Copy each line from the entries that the word "negative" appears in.

[Saved data entries]
=== Begin Enclosure ===
(* Let $D\ge1$ and let $\mathcal{F}$ be a collection of pairwise non-overlapping simplices on $\gamma_D$ in $\mathbb{R}^D$ whose vertex sets have union $V$ with $D+1\le|V|\le D+2$. Then $\mathcal{F}$ can be extended to a triangulation of $\mathrm{conv}(V)$ without adding new vertices, i.e. there is a triangulation of $\mathrm{conv}(V)$ with all vertices in $V$ containing every simplex of $\mathcal{F}$.
   Context: $\gamma_D=\{(t,t^2,\dots,t^D):t\in\mathbb{R}\}$. A simplex on $\gamma_D$ is $\mathrm{conv}(\sigma)$ for $\sigma\subseteq\gamma_D$ with $|\sigma|\le D+1$. Simplices overlap if $\mathrm{conv}(\sigma)\cap\mathrm{conv}(\tau)\supsetneq\mathrm{conv}(\sigma\cap\tau)$. *)

From mathcomp Require Import all_boot all_order all_algebra.
From mathcomp Require Import boolp classical_sets reals.
Set Implicit Arguments. Unset Strict Implicit. Unset Printing Implicit Defensive.
Import Order.TTheory GRing.Theory Num.Theory.
Local Open Scope ring_scope.
Local Open Scope classical_set_scope.

Section Defs.
Variables (R : realType) (D : nat).
Notation pt := 'rV[R]_D.

Definition moment (t : R) : pt := \row_(i < D) t ^+ i.+1.

Definition gamma : set pt := range moment.

Definition conv (A : set pt) : set pt :=
  [set p | exists (n : nat) (x : 'I_n -> pt) (w : 'I_n -> R),
      (forall i, A (x i)) /\ (forall i, 0 <= w i) /\
      \sum_(i < n) w i = 1 /\ p = \sum_(i < n) w i *: x i].

Definition card_between (A : set pt) (lo hi : nat) : Prop :=
  exists s : seq pt, uniq s /\ (lo <= size s <= hi)%N /\ A = [set` s].

(* a simplex on gamma_D, represented by its vertex set sigma:
   sigma is a subset of gamma_D with |sigma| <= D+1 *)
Definition simplex_on_curve (sigma : set pt) : Prop :=
  sigma `<=` gamma /\
  exists s : seq pt, uniq s /\ (size s <= D.+1)%N /\ sigma = [set` s].

Definition overlap (sigma tau : set pt) : Prop :=
  conv (sigma `&` tau) `<` conv sigma `&` conv tau.

(* a triangulation of conv(V) with all vertices in V: a collection of
   simplices (vertex sets) contained in V, closed under taking faces,
   pairwise non-overlapping (so any two meet in a common face), whose
   union is conv(V) *)
Definition triangulation (V : set pt) (T : set (set pt)) : Prop :=
  (forall sigma, T sigma -> simplex_on_curve sigma /\ sigma `<=` V) /\
  (forall sigma tau, T sigma -> tau `<=` sigma -> T tau) /\
  (forall sigma tau, T sigma -> T tau -> ~ overlap sigma tau) /\
  \bigcup_(sigma in T) conv sigma = conv V.

End Defs.

From mathcomp Require Import all_boot all_order all_algebra.
From mathcomp Require Import boolp classical_sets reals.
From mathcomp Require Import ring lra.
Set Implicit Arguments. Unset Strict Implicit. Unset Printing Implicit Defensive.
Import Order.TTheory GRing.Theory Num.Theory.
Local Open Scope ring_scope.
Local Open Scope classical_set_scope.

(* Points of the moment curve are in general position: an affine dependence
   supported on at most D+1 of them vanishes, since pairing it with the
   polynomial of degree at most D vanishing at all but one of the support
   parameters isolates a single coefficient.  So if |V| = D+1, all subsets of V
   are faces of one simplex and triangulate conv(V).  If |V| = D+2, V is a
   circuit: its affine dependences are the multiples of one lam without zero
   coefficients, and the subsets of V missing a point of the positive part of
   lam (or, symmetrically, of the negative part) triangulate conv(V).  A simplex
   containing the positive part and one containing the negative part overlap at
   the Radon point, hence the non-overlapping family F fits into one of these
   two triangulations. *)

Lemma card_lt_of_notin n (A : {pred 'I_n}) j : j \notin A -> (#|A| < n)%N.
Proof.
move=> jA; rewrite -[X in (_ < X)%N]card_ord; apply: proper_card.
by apply/properP; split; [apply/fintype.subsetP | exists j].
Qed.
=== End Enclosure ===
- **EXERCISE RESPONSE**:
   lam (or, symmetrically, of the negative part) triangulate conv(V).  A simplex
   containing the positive part and one containing the negative part overlap at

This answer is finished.